Pakistan Steel Mills (PSM) accumulated an overall loss of Rs. 67.167 billion in merely six months of 2020 despite laying off 5000 employees who received a golden handshake, according to officials of the Ministry of Industries and Production.

The officials of the Ministry and PSM briefed, in detail, the Senate Standing Committee on Industries and Production, which met with Senator Faisal Sabzwari in the chair at the Parliament House on Tuesday.

To a question raised by Senator Mushtaq Ahmed with regard to the audited accounts of Pakistan Steel Mills Corporation (Pvt) Limited, the Ministry officials said the total losses and liabilities of PSM had increased by Rs. 67.167 billion from June 30 to December 2020.

The officials said PSM had started production in 1985, adding that the mill made a profit of Rs 9.54 billion. They said it had been running in deficit since 2008 due to global recession and other factors. They maintained that the company suffered a record loss of Rs 26.45 billion in 2008, and from 2008 to 2014, it received about Rs. 59 billion as a bailout, but it could not be revived.

The PSM officials said PSM had so far laid off about 5,000 employees through a golden handshake. They said the case of more employees would also be looked into after receiving the funds from the Ministry of Finance. The Chairman adjourned the discussion on the matter till the next meeting due to the absence of Senator Mushtaq Ahmed.

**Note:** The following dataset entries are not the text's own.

(* Let $g\geq 1$ and $n\geq 1$ be integers. Let the Heisenberg group $H_g$ act on the polynomial ring $\mathbf{C}[\ldots,X_\sigma,\ldots]$ in the $2^g$ variables $X_\sigma$, $\sigma\in\mathbf{F}_2^g$, as described in the context. Then the dimension of the space of $H_g$-invariant homogeneous polynomials of degree $4n$ is $$\dim\big(\mathbf{C}[\ldots,X_\sigma,\ldots]_{4n}\big)^{H_g}=2^{-2g}\left(\binom{2^g+4n-1}{4n}+(2^{2g}-1)\binom{2^{g-1}+2n-1}{2n}\right).$$
   Context: $\mu_4=\{z\in\mathbf{C}: z^4=1\}$. The Heisenberg group is $H_g=\mu_4\times\mathbf{F}_2^g\times\mathbf{F}_2^g$ with multiplication $(s,x,u)(t,y,v)=(st(-1)^{u\cdot y},x+y,u+v)$, where $u\cdot y=\sum_i u_iy_i$. It acts on the variables $X_\sigma$ ($\sigma\in\mathbf{F}_2^g$) by $(s,x,u)X_\sigma=s(-1)^{(x+\sigma)\cdot u}X_{x+\sigma}$, and this action is extended to polynomials as ring automorphisms. $\mathbf{C}[\ldots,X_\sigma,\ldots]_{d}$ denotes the space of homogeneous polynomials of degree $d$. *)

From HB Require Import structures.
From mathcomp Require Import all_boot all_order all_algebra all_field.
From mathcomp Require Import mpoly.
Set Implicit Arguments. Unset Strict Implicit. Unset Printing Implicit Defensive.
Import GRing.Theory.
Local Open Scope ring_scope.

(* Field of coefficients: algC (algebraic closure of Q inside C). *)
Definition F2vec (g : nat) := {ffun 'I_g -> 'F_2}.

Definition nvars (g : nat) : nat := #|{: F2vec g}|.

Definition HPoly (g : nat) := {mpoly algC[nvars g]}.

Definition Xs (g : nat) (sigma : F2vec g) : HPoly g := 'X_(enum_rank sigma).

Definition dotF2 (g : nat) (u y : F2vec g) : 'F_2 := \sum_(i < g) u i * y i.

Definition sgnF2 (a : 'F_2) : algC := (-1) ^+ (a : nat).

(* image of X_sigma under (s, x, u) : s (-1)^{(x+sigma).u} X_{x+sigma} *)
Definition heis_var (g : nat) (s : algC) (x u : F2vec g) (sigma : F2vec g)
  : HPoly g :=
  (s * sgnF2 (dotF2 (x + sigma) u)) *: Xs (x + sigma).

Definition heis_act (g : nat) (s : algC) (x u : F2vec g) (p : HPoly g)
  : HPoly g :=
  p \mPo [tuple heis_var s x u (enum_val i) | i < nvars g].

Definition Hg_invariant (g : nat) (p : HPoly g) : Prop :=
  forall (s : algC) (x u : F2vec g), s ^+ 4 = 1 -> heis_act s x u p = p.

Definition inv_hom (g d : nat) (p : HPoly g) : Prop :=
  p \is d.-homog /\ Hg_invariant p.

Definition lin_indep (g : nat) (B : seq (HPoly g)) : Prop :=
  forall c : 'I_(size B) -> algC,
    \sum_(i < size B) c i *: B`_i = 0 -> forall i, c i = 0.

Definition has_dim (g : nat) (P : HPoly g -> Prop) (N : nat) : Prop :=
  exists B : seq (HPoly g),
    [/\ size B = N, forall b, b \in B -> P b, lin_indep B &
        forall p, P p -> exists c : 'I_(size B) -> algC,
                          p = \sum_(i < size B) c i *: B`_i].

The meeting discussed in detail the status of declaring mining as a formal industry by the Government of Pakistan. The mining sector is a provincial matter after the 18th Amendment, the Ministry officials said. They added that as far as the federation was concerned, it was looked after by the Ministry of Petroleum. “We have written a letter to the Ministry of Petroleum. As soon as the Ministry approves it, a notification will be issued to declare mining as an industry,” they asserted.

As the Chair asked what were the benefits of declaring mining as a separate industry, the officials said the industry’s status made it easier to get loans from banks and other tax matters.

The financial implications of the Standing Committee’s recommendations on steel prices were also considered in detail. The Secretary informed the committee that the services of a private firm would be sought for determining the exact production cost of steel and other commodities in Pakistan so that the prices could be accurately fixed.

Senator Muhammad Abdul Qadir asked why the price of steel was rising in Pakistan. He also asked what effect it would have on the price if the same steel was imported. The officials of the Engineering Development Board (EDB) responded that work was underway in this regard and the matter would be sorted in collaboration with the representatives of the concerned industries.

Representatives of the Pakistan Association of Large Steel Producers informed the committee that about 400 companies were currently making steel in Pakistan. They said most of the steel in Pakistan was made from imported scrap. As the price of scrap increases in the global market, so does the cost of production, which in turn causes prices to rise, they argued.

Senators Falak Naz, Saifullah Sarwar Khan Nyazee, Faisal Saleem Rehman, Hidayatullah, Ata-ur-Rehman, and Shaheen Khalid Butt attended the meeting.